# Work and energy with velocity

## Homework Statement

Each of the sliders A and B has a mass of 2 kg and moves with negligible friction in its
respective guide, with y being in the vertical direction (see Figure 3). A 20 N horizontal force
is applied to the midpoint of the connecting link of negligible mass, and the assembly is
released from rest with θ = 0°. Determine the velocity vA with which slider A strikes the
horizontal guide when θ = 90°.
[vA = 3.44 m/s]

http://http://img.photobucket.com/albums/v242/021003/tutorial12.jpg [Broken]

1/2 mv^2

F = ma

Wp = mgh

SUVAT

## The Attempt at a Solution

When at 0 degrees

W=0J

At 90

F=20N

W = 20xd = 8J

Work from cart A = 0.5mv^2

Therefore 16 = mv^2

v = 2 rt2

Or...

do i need to add the energy from 20n force and from cart b...

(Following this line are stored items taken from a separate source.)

(* Let $G=(V,E)$ be a connected finite undirected graph without loops, with vertex set $V=\{1,\dots,n\}$, $n\ge 2$. Let $D$ be a self-adjoint $n\times n$ complex matrix compatible with $G$, i.e. $D_{ij}=D_{ji}=0$ whenever $i\neq j$ and $\{i,j\}\notin E$. For $v\in V$ let $\Delta(v)$ be the degree of $v$ in $G$ (the number of edges of $G$ incident to $v$), let $\Delta=\mathrm{diag}(\Delta(1),\dots,\Delta(n))$, let $\Delta(G)=\max\{\Delta(i)\mid i=1,\dots,n\}$, and let $D_\Delta=\Delta^{-1/2}D\Delta^{-1/2}$. Then for all $i,j\in V$, $$\ell^D(i,j)\le d^{D_\Delta}(i,j)\le \Delta(G)\,d^D(i,j).$$
   Context: For a self-adjoint $n\times n$ matrix $M$, the noncommutative distance is $d^M(i,j)=\sup\{|a(i)-a(j)| : a\in\mathbb{C}^n,\ \|[M,\pi(a)]\|\le 1\}\in[0,+\infty]$, where $\pi(a)=\mathrm{diag}(a(1),\dots,a(n))$ and $\|\cdot\|$ is the operator norm. The weight of an edge $\{i,j\}\in E$ is $w^D(i,j)=|D_{ij}|^{-1}\in(0,+\infty]$. The length of a path in $G$ is the sum of the weights of its edges, and $\ell^D(i,j)$ (the geodesic distance) is the infimum of the lengths of all paths in $G$ from $i$ to $j$. *)

From HB Require Import structures.
From mathcomp Require Import all_boot all_order all_algebra.
From mathcomp Require Import complex.
From mathcomp Require Import all_classical reals constructive_ereal ereal.
Set Implicit Arguments. Unset Strict Implicit. Unset Printing Implicit Defensive.
Import Order.TTheory GRing.Theory Num.Theory.
Import ComplexField.

Local Open Scope ring_scope.

Section Defs.
Variable R : realType.
Local Notation C := R[i].

Definition cmod (z : C) : R := Normc.normc z.

Definition vnorm n (x : 'cV[C]_n) : R := Num.sqrt (\sum_i cmod (x i 0) ^+ 2).

Definition opnorm n (A : 'M[C]_n) : \bar R :=
  ereal_sup [set (vnorm (A *m x))%:E | x in [set x : 'cV[C]_n | vnorm x <= 1]].

Definition piv n (a : 'rV[C]_n) : 'M[C]_n := diag_mx a.

Definition commut n (M B : 'M[C]_n) : 'M[C]_n := M *m B - B *m M.

Definition ncdist n (M : 'M[C]_n) (i j : 'I_n) : \bar R :=
  ereal_sup [set (cmod (a 0 i - a 0 j))%:E |
             a in [set a : 'rV[C]_n | (opnorm (commut M (piv a)) <= 1%:E)%E]].

Definition selfadjoint n (M : 'M[C]_n) : Prop := forall i j, M j i = (M i j)^*.

Definition simple_graph n (E : rel 'I_n) : Prop :=
  (forall i j, E i j = E j i) /\ (forall i, ~~ E i i).

Definition connected_graph n (E : rel 'I_n) : Prop := forall i j, connect E i j.

Definition compatible n (E : rel 'I_n) (D : 'M[C]_n) : Prop :=
  forall i j, i != j -> ~~ E i j -> D i j = 0 /\ D j i = 0.
Section ThreeLayers.
Variables (V : finType) (layer : V -> nat) (parent : V -> V).
Hypothesis layer_le2 : forall v, layer v <= 2.
Hypothesis layer_parent : forall v, layer v = 2 -> layer (parent v) = 1.

Definition layered_arc (u v : V) : bool :=
  ((layer u == 0) && (layer v == 1)) || [&& layer u == 1, layer v == 2 & parent v == u].

Local Notation arc := layered_arc.
Local Notation reach := (reachable arc).

Definition sources := [set v | layer v == 0].
Definition hubs := [set v | layer v == 1].
Definition leaves := [set v | layer v == 2].
Definition children h := [set w | (layer w == 2) && (parent w == h)].

Lemma walk_layer u w k : walk arc u w k -> layer w = layer u + k.
Proof.
case=> p [+ <- <-]; elim: p u => [|v p IHp] u /=; first by rewrite addn0.
case/andP=> arc_uv /IHp ->; rewrite addnS -addSn; congr (_ + _).
by case/orP: arc_uv => [/andP [/eqP -> /eqP ->] | /and3P [/eqP -> /eqP -> _]].
Qed.

Lemma walk_dist_is u w k : walk arc u w k -> dist_is arc u w k.
Proof.
move=> W; split=> // k' W'.
by move: (walk_layer W) (walk_layer W') => -> /eqP; rewrite eqn_add2l => /eqP ->.
Qed.

Lemma on_sp_layered u v w : reach u v -> reach v w -> on_sp arc u v w.
Proof.
case=> k1 W1 [k2 W2]; exists k1, k2.
by split; apply: walk_dist_is => //; apply: walk_cat W1 W2.
Qed.

Lemma reachable_layer u w : reach u w -> u = w \/ layer u < layer w.
Proof.
case=> -[|k] W; first by left; apply: walk0_eq W.
by right; rewrite (walk_layer W); lia.
Qed.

0.5mv^2 (b) + 8J = 0.5mv^2 (A)

with F = ma, 20/10 a = 10 therefore v (b) = 2 rt 2

sub this into above eq.

8 + 8 = 0.5mv^2

v = 4

Help!

Iv been goin round in circles, clearly im wrong lol can someone explain how i could work this out please

Last edited by a moderator:

tiny-tim
Homework Helper
Hi dietwater! And what happened to mgh?

Hi dietwater! And what happened to mgh?

lol il start again with mgh added in! lol

Fd + mgh + o.5mv^2 (b) = 0.5mv^2 (a)

I dont know how to get d, I just assumed its 0.4 as its the distance it has to travel?

tiny-tim
Homework Helper
I dont know how to get d, I just assumed its 0.4 as its the distance it has to travel?

No … the point of application of the force is only moving 0.2 No … the point of application of the force is only moving 0.2 am i right in thinking v(b) is still 2rt2?

If so..

Fd + mgh + o.5mv^2 (b) = 0.5mv^2 (a)

20x0.2 + 2x9.81x0.4 + 0.5x2x(2rt2)^2 = 0.5x2x(v^2)

so v = 3.98

Im not sure where Iv gone wrong

tiny-tim
Homework Helper
Hi dietwater! (have a square-root: √ and try using the X2 tag just above the Reply box )

(and your picture didn't show up because you put too many http//s in it )

am i right in thinking v(b) is still 2rt2?

Nooo which way would B be going as A sails across?